A significant proportion of patients treated with the conventional dosage of ATV (300/100) had plasma concentrations exceeding the upper therapeutic threshold. These patients that are at high risk to experience ATV-related complications may benefit from TDM-driven adjustments in ATV dosage with potential advantages in terms of costs and toxicity.

Introduction

Ritonavir-boosted atazanavir (ATV/r) is one of the two protease inhibitors (PI) selected as the preferred choices in the American Department of Health and Human Services (DHHS) and European guidelines for the initial treatment of patients infected with human immunodeficiency virus-1 (HIV-1) [1,2]. This drug is relatively well tolerated in most patients; however, side effects including hyperbilirubinemia, which may result in visible jaundice or scleral icterus, dyslipidemias, nephrolithiasis and cholelithiasis have been reported in the medium and long term [36]. Ritonavir enhanced ATV concentrations and improved virologic activity more than unboosted ATV [7]. Nevertheless, unboosted ATV may be selected for some patients because it has fewer gastrointestinal adverse effects, less hyperbilirubinemia and less impact on lipid profiles than ATV/r.

Therapeutic drug monitoring (TDM) of ATV plasma trough concentrations is adopted for the routine management of patients only in a minority of centres worldwide.
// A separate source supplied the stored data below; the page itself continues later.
(* Let $S,T$ be numberings of shape $\lambda\vdash n$, let $1\le i\le \ell(\lambda)-1$, and let $Q$ be a nonempty subset of the entries in row $i+1$ of $S$. Define \[ \gamma_Q^T(S)=\sum_{U\in \Xi_{i,Q}(S)}\sigma_{U,T}\,a_U\in \widetilde{\mathcal M}^T . \] Then $\gamma_Q^T(S)\in\ker\Psi^T$.
   Context: Permutations in $\mathfrak S_n$ act on $[n]$, products are compositions $(\sigma\tau)(k)=\sigma(\tau(k))$. A numbering of shape $\lambda\vdash n$ is a filling of the Young diagram of $\lambda$ (rows indexed top to bottom; $\ell(\lambda)$ = number of rows) with $1,\dots,n$, each exactly once. For $\pi\in\mathfrak S_n$, $\pi\cdot T$ replaces each entry $k$ by $\pi(k)$; $\sigma_{T,S}$ is the unique permutation with $\sigma_{T,S}\cdot T=S$. $R(T)$, $C(T)$ are the row and column groups; $a_T=\sum_{\rho\in R(T)}\rho$, $b_T=\sum_{\zeta\in C(T)}\operatorname{sgn}(\zeta)\zeta$. Let $\widetilde{\mathcal M}^T=a_T\,\mathbb C[\mathfrak S_n]$ be the right $\mathbb C[\mathfrak S_n]$-submodule generated by $a_T$ (note $\sigma_{U,T}a_U=a_T\sigma_{U,T}\in\widetilde{\mathcal M}^T$), and let $\Psi^T:\widetilde{\mathcal M}^T\to\mathbb C[\mathfrak S_n]$ be the right-module homomorphism $a_Tx\mapsto b_Ta_Tx$. The set $\Xi_{i,Q}(S)$ consists of the numberings obtained from $S$ as follows, one for each pair $(A,B)$ with $A\subseteq Q$, $B$ a subset of the entries of row $i$ of $S$, and $|A|=|B|$ (possibly $A=B=\emptyset$): the entries of $A$ are moved to the positions of row $i$ previously occupied by $B$, and the entries of $B$ to the positions of row $i+1$ previously occupied by $A$, preserving relative order (the $k$-th leftmost element of $A$ goes to the position of the $k$-th leftmost element of $B$ and vice versa). *)

From HB Require Import structures.
From mathcomp Require Import all_boot all_order all_algebra all_fingroup all_field.
Set Implicit Arguments. Unset Strict Implicit. Unset Printing Implicit Defensive.
Import GRing.Theory Num.Theory.
Local Open Scope ring_scope.
Lemma E1_lam_small_k gam bet mu t k : 0 < bet -> 0 < mu -> 0 <= t ->
  knorm k <= 1 -> mu * knorm k <= bet ->
  fst (lam_p gam bet mu k) = - (1/2) * mu * knorm k ^ 2 /\
  fst (lam_m gam bet mu k) = - (1/2) * mu * knorm k ^ 2 /\
  Cmod (E1 (lam_p gam bet mu k) (lam_m gam bet mu k) t)
    <= 2 / bet * exp (- (1/2) * mu * knorm k ^ 2 * t).
Proof.
  intros Hb Hm Ht Hn1 Hnb.
  assert (Hn := sqrt_pos (norm2 k)); fold (knorm k) in Hn.
  assert (Hcb : char_b mu k <= bet) by (unfold char_b; nra).
  assert (HB := char_b_ge0 mu k Hm).
  assert (Hc : bet ^ 2 <= char_c gam bet k)
    by (unfold char_c; assert (H := pow2_ge_0 (gam * knorm k)); nra).
  assert (HD : Defs.disc gam bet mu k < 0) by (rewrite disc_char; nra).
  destruct (lam_conj_roots gam bet mu k HD) as (v & Hv & -> & -> & Hv2); cbn [fst].
  assert (Hvb : bet / 2 <= v) by nra.
  unfold char_b; repeat split; try field.
  rewrite E1_conj, Cmod_R by lra.
  eapply Rle_trans; [apply (proj1 (sinc_exp_le _ _ _ Hv Ht)) |].
  replace (- (1/2) * mu * knorm k ^ 2 * t) with (- (mu * knorm k ^ 2) / 2 * t) by field.
  assert (Hp := exp_pos (- (mu * knorm k ^ 2) / 2 * t)).
  unfold Rdiv; rewrite (Rmult_comm (2 * / bet)); apply Rmult_le_compat_l; [lra |].
  replace (2 * / bet) with (/ (bet / 2)) by (field; lra).
  apply Rinv_le_contravar; lra.
Qed.

Lemma E1_lam_large_k gam bet mu t k : 0 < gam -> 0 < bet -> 0 < mu ->
  1 <= knorm k -> 3 * (gam + bet) <= mu * knorm k ->
  Cmod (E1 (lam_p gam bet mu k) (lam_m gam bet mu k) t)
    <= 2 / mu * / knorm k ^ 2
         * (exp (fst (lam_p gam bet mu k) * t) + exp (fst (lam_m gam bet mu k) * t)) /\
  fst (lam_m gam bet mu k) <= - (mu / 2 * knorm k ^ 2) /\
  Cmod (lam_p gam bet mu k) <= 2 * (gam ^ 2 + bet ^ 2) / mu.
Proof.
  intros Hg Hb Hm Hn1 Hmn.
  assert (Hn2 : 1 <= knorm k ^ 2) by nra.
  assert (HB : 0 < char_b mu k) by (unfold char_b; nra).
  assert (Hq : char_c gam bet k <= (gam ^ 2 + bet ^ 2) * knorm k ^ 2)
    by (unfold char_c; assert (H := pow2_ge_0 bet); nra).
  assert (Hgb : 9 * (gam ^ 2 + bet ^ 2) <= (mu * knorm k) ^ 2) by nra.
  assert (HDq : char_b mu k ^ 2 / 4 <= Defs.disc gam bet mu k)
    by (rewrite disc_char; unfold char_b in *; nra).
  assert (HD : 0 <= Defs.disc gam bet mu k) by nra.
  destruct (lam_real_roots gam bet mu k Hb Hm HD) as (a & b & -> & -> & Hab & Hbm & Hq0 & Hqa & Ha).
  cbn [fst RtoC]; rewrite Cmod_R.
  assert (Hs : char_b mu k / 2 <= a - b).
  { rewrite Hab; apply Rsqr_incr_0_var; [| apply sqrt_pos].
    rewrite Rsqr_sqrt, Rsqr_pow2; lra. }
  assert (H2 := Rmin_r (char_b mu k / 2) (2 * char_c gam bet k / char_b mu k)).
  unfold char_b in *; repeat split; [| lra |].
  - rewrite E1_real, Cmod_R by lra; eapply Rle_trans; [apply divdiff_exp_le_sum; lra |].
    assert (He := exp_pos (a * t)); assert (He' := exp_pos (b * t)).
    unfold Rdiv; rewrite (Rmult_comm (exp (a * t) + exp (b * t))).
    apply Rmult_le_compat_r; [lra |].
    replace (2 * / mu * / knorm k ^ 2) with (/ (mu * knorm k ^ 2 / 2)) by (field; split; lra).
    apply Rinv_le_contravar; lra.
  - rewrite Rabs_left1 by lra.
    replace (2 * (gam ^ 2 + bet ^ 2) / mu)
      with (2 * ((gam ^ 2 + bet ^ 2) * knorm k ^ 2) / (mu * knorm k ^ 2)) by (field; split; lra).
    enough (2 * char_c gam bet k / (mu * knorm k ^ 2)
              <= 2 * ((gam ^ 2 + bet ^ 2) * knorm k ^ 2) / (mu * knorm k ^ 2)) by lra.
    unfold Rdiv; apply Rmult_le_compat_r; [left; apply Rinv_0_lt_compat |]; lra.
Qed.

Definition Nblock (a b d : C) (gam bet : R) (k : nat -> R) (i j : nat) : C :=
  let dlt := fun p q : nat => if Nat.eqb p q then RtoC 1 else RtoC 0 in
  match blk i, blk j with
  | 0%nat, 0%nat => a
  | 0%nat, 1%nat => Cmult (Cmult (Cmult (RtoC (- gam)) Ci) (RtoC (k (subi j)))) d
  | 1%nat, 0%nat => Cmult (Cmult (Cmult (RtoC (- gam)) Ci) (RtoC (k (subi i)))) d
  | 1%nat, 1%nat => Cmult b (dlt (subi i) (subi j))
  | 1%nat, 2%nat => Cmult (Cmult (RtoC (- bet)) d) (dlt (subi i) (subi j))
  | 2%nat, 1%nat => Cmult (Cmult (RtoC bet) d) (dlt (subi i) (subi j))
  | 2%nat, 2%nat => Cmult a (dlt (subi i) (subi j))
  | _, _ => RtoC 0
  end.

Lemma Nmat_Nblock gam bet mu t k i j :
  Nmat gam bet mu t k i j =
  Nblock (Ea (lam_p gam bet mu k) (lam_m gam bet mu k) t)
         (Eb (lam_p gam bet mu k) (lam_m gam bet mu k) t)
         (E1 (lam_p gam bet mu k) (lam_m gam bet mu k) t) gam bet k i j.
Proof. reflexivity. Qed.
Lemma rayleigh (q : R) (u : 'cV[R]_n) : (forall x, x \in s -> x <= q) ->
  (u^T *m A *m u) 0 0 <= q * (u^T *m u) 0 0 /\
  ((u^T *m A *m u) 0 0 = q * (u^T *m u) 0 0 -> A *m u = q *: u).
Proof.
move=> q_max; set w := U *m map_mx toC u.
have mapE (M : 'M[R]_1) : toC (M 0 0) = map_mx toC M 0 0 by rewrite mxE.
have formA : toC ((u^T *m A *m u) 0 0) = \sum_i dg 0 i * (w i 0 * (w i 0)^*).
  rewrite mapE !map_mxM -map_trmx {1}spectral_decomposition.
  by rewrite quad_form_conj quad_form_diag.
have formI : toC ((u^T *m u) 0 0) = \sum_i (w i 0 * (w i 0)^*).
  rewrite -{1}[u^T]mulmx1 mapE !map_mxM -map_trmx map_mx1 -spectral_unitary_tr.
  rewrite -[U^t*]mulmx1 quad_form_conj mulmx1 mxE.
  by apply: eq_bigr => i _; rewrite !mxE mulrC.
have gapE : toC (q * (u^T *m u) 0 0 - (u^T *m A *m u) 0 0) =
    \sum_i (toC q - dg 0 i) * (w i 0 * (w i 0)^*).
  rewrite rmorphB rmorphM /= formA formI mulr_sumr -sumrB.
  by apply: eq_bigr => i _; rewrite mulrBl.
have gap_ge0 i : 0 <= (toC q - dg 0 i) * (w i 0 * (w i 0)^*).
  apply: mulr_ge0; last exact: mul_conjC_ge0.
  have [x xs ->] := diag_in_spectrum i; rewrite -rmorphB -(rmorph0 toC) lecR subr_ge0.
  exact: q_max.
split; first by rewrite -subr_ge0 -lecR rmorph0 gapE; exact: sumr_ge0.
move=> formEq.
have gap0 i : (toC q - dg 0 i) * w i 0 = 0.
  have sum0 : \sum_i (toC q - dg 0 i) * (w i 0 * (w i 0)^*) = 0.
    by rewrite -gapE formEq subrr rmorph0.
  move: (@psumr_eq0P _ _ _ _ (fun i _ => gap_ge0 i) sum0 i isT) => /eqP.
  by rewrite mulf_eq0 mul_conjC_eq0 => /orP[] /eqP ->; rewrite ?mul0r ?mulr0.
have Dw : diag_mx dg *m w = toC q *: w.
  apply/matrixP => i j; rewrite ord1 mul_diag_mx !mxE.
  have := gap0 i; rewrite /w mxE => h.
  by apply/eqP; rewrite -subr_eq0 -mulrBl -opprB mulNr oppr_eq0 h.
apply: (map_mx_inj (f := toC)); rewrite map_mxZ map_mxM spectral_decomposition.
by rewrite -!mulmxA Dw -scalemxAr mulmxA spectral_unitary_tr mul1mx.
Qed.

End SymmetricSpectrum.

Lemma set2_inv (T : finType) (x y a b : T) : x != y -> [set x; y] = [set a; b] ->
  (x == a) && (y == b) || (x == b) && (y == a).
Proof.
move=> xy xyE.
have xab : x \in [set a; b] by rewrite -xyE !inE eqxx.
have yab : y \in [set a; b] by rewrite -xyE !inE eqxx orbT.
move: xab yab xy; rewrite !inE {xyE}.
by case/orP=> /eqP ->; case/orP=> /eqP ->; rewrite ?eqxx ?orbT.
Qed.

Section SimpleGraph.
Variables (n : nat) (e : rel 'I_n).
Hypotheses (esym : symmetric e) (eirr : irreflexive e).

(* Handshake lemma: the degrees sum to twice the number of edges. Both sides
   count the arcs (x, y) with x ~ y; each edge {x, y} carries two arcs. *)
Lemma handshake : (\sum_i deg e i = 2 * nedges e)%N.
Proof.
pose arcs := [set p : 'I_n * 'I_n | e p.1 p.2].
have -> : (\sum_i deg e i = #|arcs|)%N.
  rewrite -sum1_card (eq_bigl (fun p : 'I_n * 'I_n => xpredT p.1 && e p.1 p.2));
    last by move=> p; rewrite inE.
  rewrite -(pair_big_dep xpredT (fun i j => e i j) (fun _ _ => 1%N)) /=.
  by apply: eq_bigr => i _; rewrite /deg -sum1_card; apply: eq_bigl => j; rewrite inE.
rewrite -sum1_card /nedges.
rewrite (partition_big (fun p : 'I_n * 'I_n => [set p.1; p.2]) (mem (edges e))) /=;
  last first.
  move=> [x y]; rewrite !inE /= => exy.
  by apply/existsP; exists x; apply/existsP; exists y; rewrite exy eqxx.
rewrite mulnC -sum_nat_const; apply: eq_bigr => E.
rewrite inE => /existsP[a /existsP[b /andP[eab /eqP ->]]].
have ab : a != b by apply: contraTneq eab => ->; rewrite eirr.
rewrite (bigD1 (a, b)) /=; last by rewrite !inE eab eqxx.
rewrite (bigD1 (b, a)) /=; last first.
  rewrite !inE esym eab /= xpair_eqE eq_sym (negbTE ab) andbF andbT.
  by apply/eqP/setP => z; rewrite !inE orbC.
rewrite big1 // => [[x y]] /andP[/andP[/andP[]]]; rewrite inE /= => exy /eqP xyE.
rewrite !xpair_eqE => h1 h2.
have xy : x != y by apply: contraTneq exy => ->; rewrite eirr.
by case/orP: (set2_inv xy xyE) => H; [move: h1 | move: h2]; rewrite H.
Qed.
(* Let $d\ge1$, let $E\subset\mathbb{Z}^n$ be a (possibly infinite) $d$-sparse subset, and let $M$ be a paving matroid of rank $d+1$ on the ground set $E$. Then there exists a paving tropical ideal $I\subset\mathbb{B}[x_1^{\pm1},\dots,x_n^{\pm1}]$ of degree $d+1$ such that $\underline{M}(I|_E)=M$, i.e. the restriction of the underlying matroid of $I$ to $E$ equals $M$.
   Context: $\mathbb{B}=\{\infty,0\}$ with $\oplus=\min$ and multiplication $+$; $\operatorname{supp}(f)$ is the set of exponents with coefficient $\neq\infty$. A tropical ideal $I\subset\mathbb{B}[x_1^{\pm1},\dots,x_n^{\pm1}]$ is an ideal such that for all $f,g\in I$ and $\mathbf u\in\operatorname{supp}(f)\cap\operatorname{supp}(g)$ there is $h\in I$ with $\operatorname{supp}(f)\Delta\operatorname{supp}(g)\subset\operatorname{supp}(h)\subset(\operatorname{supp}(f)\cup\operatorname{supp}(g))\setminus\{\mathbf u\}$. Its underlying matroid $\underline M(I)$ on $\mathbb{Z}^n$ has as independent sets those containing no support of a polynomial in $I$; $\underline M(I|_E)$ is its restriction to $E$ (circuits: supports of polynomials of $I$ that are minimal and contained in $E$). $I$ is zero-dimensional of degree $r$ iff $\underline M(I)$ has finite rank $r$; it is a paving tropical ideal if moreover all circuits of $\underline M(I)$ have size $r$ or $r+1$. A (possibly infinite, finitary) matroid of finite rank $r$ is paving if all its circuits have size $r$ or $r+1$. $E\subset\mathbb{Z}^n$ is $d$-sparse if there is no $\mathbf u\neq\mathbf 0$ with $|E\cap(\mathbf u+E)|\ge d$. *)

From HB Require Import structures.
From mathcomp Require Import all_boot all_order all_algebra.
From mathcomp Require Import finmap.
Set Implicit Arguments. Unset Strict Implicit. Unset Printing Implicit Defensive.
Import Order.TTheory GRing.Theory Num.Theory.
Local Open Scope fset_scope.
However, considerable inter-individual variability has been observed in plasma concentrations of ATV after standard dosing, mainly related to drug-to-drug interactions and inherited differences in the hepatic metabolism [812]. Significant correlations have been reported between plasma ATV trough concentrations and clinical outcome. In treatment-experienced as well as naïve HIV patients the highest probability of achieving undetectable viral load has been associated with ATV plasma concentrations >150 ng/mL [1114]. Accordingly, this threshold concentration is currently recommended by international guidelines for the optimal management of patients on ATV-based antiretroviral regimens [15]. More scanty data are available concerning the relationships between ATV exposure and toxicity. A threshold ATV concentration of 800 ng/mL has been proposed as a risk factor for hyperbilirubinemia [14,16,17], whereas no specific associations have been reported for other ATV-related complications.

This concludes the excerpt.